Place of Residence: Clifton , NJ
TCG Software
WTC
Ehtesham U. Raja of Clifton, NJ was 28 years old when he died in the World Trade Center. He’d gone there for a conference and was in Windows on the World. He was a 1996 graduate of The Fu Foundation School of Engineering and Applied Science at Columbia. He had his MBA from Goizueta Business School at Emory. His nickname: Shamu, from his friends in Pakistan.
His parents, Raja Aftab Saeed and Begum Asmat Fatima, donated the land for the Arifwala Hospital, a 40-bed facility, fully equipped with diagnostic and curative services, inaugurated on January 19th, 2009. The hospital is dedicated to their son, Raja Ehtesham Ullah, who lost his life on 9/11. All medical equipment was funded by LRBT America. We have also pledged to fund the hospital’s annual operating budget. (note: the hospital is in Pakistan and fights blindness)
From the Emory Goizueta Memorial site (Ehtesham Raja ’98MBA):
“He was a very kind, caring, compassionate, loving, and intelligent person,” says his mother, Asmat Fatima. “He was respected and admired by those who knew him.
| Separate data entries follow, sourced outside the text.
Definition card_diff_dot (A : seq (R * R)) (v : R * R) : nat :=
  size (undup [seq dot2 (sub2 x y) v | x <- A, y <- A]).

Definition card_dist (K : nat) (b : 'I_K -> R * R) (A : seq (R * R)) : nat :=
  size (undup [seq normX b (sub2 x y) | x <- A, y <- A]).

End Defs.

From HB Require Import structures.
From mathcomp Require Import all_boot all_order all_algebra.
From mathcomp Require Import all_classical all_reals all_analysis.
From mathcomp Require Import zify ring lra.
Import Order.TTheory GRing.Theory Num.Theory.
Local Open Scope ring_scope.
Set Implicit Arguments. Unset Strict Implicit. Unset Printing Implicit Defensive.

(* Write [D j k] for the cross product of [b j] and [b k], nonzero for [j != k]
   because no constraint is redundant, and [u^perp] for [u] turned by a right
   angle, so that [(b j)^perp . b k = D j k].  The set [A] is a generalized
   arithmetic progression [{ sg * \sum_j F j * w j * (b j)^perp | F j < m }]
   with [n = m ^ K] points.  In the direction [b k] the [k]-th generator
   disappears, so [(A - A) . b k] has at most [(2 m) ^ (K - 1)] elements, and
   [|Delta_X(A)|] at most [K] times as many since [normX x = max_k |x . b k|].
   The generators are grouped in levels [0, ..., L] of two, with weight
   [eps ^ l] on level [l] and [eps] of order [1 / m].  If [F != F'], let [j0] be
   the first generator where they differ and [k] the other generator of its
   level: along [b k] the term of [j0] is at least [eps ^ l * dmin], the term
   of [k] vanishes and all later levels contribute at most half of it, so [A] is
   [m ^ -(L + 1)]-separated, i.e. [n ^ (-1/2)] when [K = 2 (L + 1)].  For odd
   [K] the level 0 holds three generators whose weights, of size [Q] with
   [m = Q (Q + 1)], keep their integer combinations separated along [b 0] or
   [b 1]; the factor [Q + 1] lost in the scaling is the missing half level. *)

Section Plane.
Variable R : realType.
Implicit Types u v : R * R.

Definition cross2 u v : R := u.1 * v.2 - u.2 * v.1.

Lemma cross2ii u : cross2 u u = 0.
Proof. by rewrite /cross2 mulrC subrr. Qed.

Lemma le_normX K (b : 'I_K -> R * R) v k : `|dot2 v (b k)| <= normX b v.
Proof. exact: (le_bigmax 0 (fun k => `|dot2 v (b k)|) k). Qed.

Lemma normX_attained K (b : 'I_K.+1 -> R * R) v :
  exists k, normX b v = `|dot2 v (b k)|.
Proof.
by rewrite /normX (bigmax_eq_arg 0 ord0 predT (fun k => `|dot2 v (b k)|)) //; eexists.
Qed.

Lemma polygon_2K_sides_cross2_neq0 K (b : 'I_K -> R * R) j k :
  polygon_2K_sides b -> j != k -> cross2 (b j) (b k) != 0.
Proof.
(* Edge points [x] of [j] and [y] of [k] would give
   [1 = |x . b j| * |y . b k| = |x . b k| * |y . b j| < 1]. *)
move=> polygon_b neq_jk; apply/eqP => cross0.
have [x [xj_eq1 x_lt1]] := polygon_b j; have [y [yk_eq1 y_lt1]] := polygon_b k.
have xk_lt1 := x_lt1 k; have yj_lt1 := y_lt1 j neq_jk.
rewrite eq_sym in xk_lt1; have {}xk_lt1 := xk_lt1 neq_jk.
have : dot2 x (b j) * dot2 y (b k) - dot2 x (b k) * dot2 y (b j) = 0.
  by rewrite -(mulr0 (x.1 * y.2 - x.2 * y.1)) -cross0 /dot2 /cross2; ring.
move/eqP; rewrite subr_eq0 => /eqP/(congr1 Num.norm); rewrite !normrM xj_eq1 yk_eq1 mulr1.
by have := normr_ge0 (dot2 x (b k)); have := normr_ge0 (dot2 y (b j)); nra.
Qed.

Lemma cross2_lower_bound K (b : 'I_K -> R * R) : polygon_2K_sides b ->
  exists2 dmin, 0 < dmin & forall j k, j != k -> dmin <= `|cross2 (b j) (b k)|.
Proof.
move=> polygon_b; pose f (p : 'I_K * 'I_K) := `|cross2 (b p.1) (b p.2)|.
exists (\big[Num.min/1]_(p | p.1 != p.2) f p).
  by apply: lt_bigmin => // p; rewrite normr_gt0; apply: polygon_2K_sides_cross2_neq0.
by move=> j k neq_jk; exact: (bigmin_le_cond 1 f (j := (j, k)) neq_jk).
Qed.

Lemma cross2_upper_bound K (b : 'I_K -> R * R) : exists dmax,
  (forall j k, `|cross2 (b j) (b k)| <= dmax) /\
  (forall j, `|(b j).1| <= dmax /\ `|(b j).2| <= dmax).
Proof.
pose f (p : 'I_K * 'I_K) := `|cross2 (b p.1) (b p.2)| + `|(b p.1).1| + `|(b p.1).2|.
exists (\big[Num.max/0]_p f p); split=> [j k | j].
  have := le_bigmax 0 f (j, k); rewrite /f /=.
  by have := normr_ge0 (b j).1; have := normr_ge0 (b j).2; lra.
have := le_bigmax 0 f (j, j); rewrite /f /=.
by have := normr_ge0 (b j).1; have := normr_ge0 (b j).2;
  have := normr_ge0 (cross2 (b j) (b j)); lra.
Qed.

End Plane.

Section NumericBounds.
Variable R : realFieldType.

Lemma natr_dist_ge1 (a c : nat) : a != c -> 1 <= `|a%:R - c%:R : R|.
Proof.
rewrite neq_ltn => /orP[lt_ac|lt_ca].
  by rewrite distrC -natrB 1?ltnW // normr_nat ler1n subn_gt0.
by rewrite -natrB 1?ltnW // normr_nat ler1n subn_gt0.
Qed.

Lemma natr_dist_le (m a c : nat) : (a < m)%N -> (c < m)%N -> `|a%:R - c%:R : R| <= m%:R.
Proof.
rewrite -!(ltr_nat R) => lt_am lt_cm.
by rewrite ler_norml; apply/andP; split; have := ler0n R a; have := ler0n R c; lra.
Qed.

Lemma ler_norm_natr_dist_mul (x : R) (a c : nat) :
  a != c -> `|x| <= `|(a%:R - c%:R) * x|.
Proof. by move=> neq_ac; rewrite normrM ler_peMl ?natr_dist_ge1. Qed.

Lemma ler_norm_div (x y a c : R) : 0 < c -> `|x| <= a -> c <= `|y| -> `|x / y| <= a / c.
Proof.
move=> c_gt0 le_xa le_cy; have y_gt0 := lt_le_trans c_gt0 le_cy.
by rewrite normrM normfV ler_pM ?invr_ge0 // lef_pV2.
Qed.

Lemma ler_norm_sum_const n (P : pred 'I_n) (f : 'I_n -> R) (e : R) :
  0 <= e -> (forall j, P j -> `|f j| <= e) -> `|\sum_(j | P j) f j| <= n%:R * e.
Proof.
move=> e_ge0 le_fe; apply: le_trans (ler_norm_sum _ _ _) _.
apply: (le_trans (y := \sum_(j < n) e)); last by rewrite sumr_const card_ord mulr_natl.
by rewrite big_mkcond /=; apply: ler_sum => j _; case: ifP => // /le_fe.
Qed.

Lemma ler_head_norm_sum n (S : pred 'I_n) (f : 'I_n -> R) (a e : R) :
  0 <= e -> a <= `|\sum_(j | S j) f j| -> (forall j, ~~ S j -> `|f j| <= e) ->
  a - n%:R * e <= `|\sum_j f j|.
Proof.
move=> e_ge0 head tail; rewrite (bigID S) /=.
have := ler_norm_sum_const e_ge0 tail.
have := lerB_normD (\sum_(j | S j) f j) (\sum_(j | ~~ S j) f j); lra.
Qed.

End NumericBounds.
His talent and sense of humor made him standout in any crowd. But it was his loving and caring attitude that always made me proud.”
Raja, born in Lahore, Pakistan, worked for TCG Software in Bloomfield, N.J. After graduating with a bachelor of science in industrial engineering from Columbia University in New York City, he worked as a security engineer at Citibank on Wall Street, then, according to his Goizueta Business School application, he returned to Pakistan to work for Citibank Lahore, take the GMAT, and apply to business school.
“He was in the best years of his life,” says Fatima. “Everything seems to be going in his favour. After years of dedication and hard work he finally achieved this status. He had all the plans to pursue his career in finance. He was full of hope for his future.”
Raja also enjoyed sports. He was a swimmer and played cricket, squash, soccer, tennis, and polo while at Columbia.
A memorial service was arranged by TCG Software. “They were proud to have him working for them,” his mother says.
“It is still very hard to believe that he is missing and lost forever,” she continues. “I have to be emotionally strong as Ehtesham has a younger brother, who is at a very impressionable age.
“[Ehtesham] knew life and lived life. His time was limited but in that time he touched so many people. . . . May peace be with him now and forever. He will stay in our hearts and memories forever.”
Rest in peace, Mr. Halligan and Mr. Raja.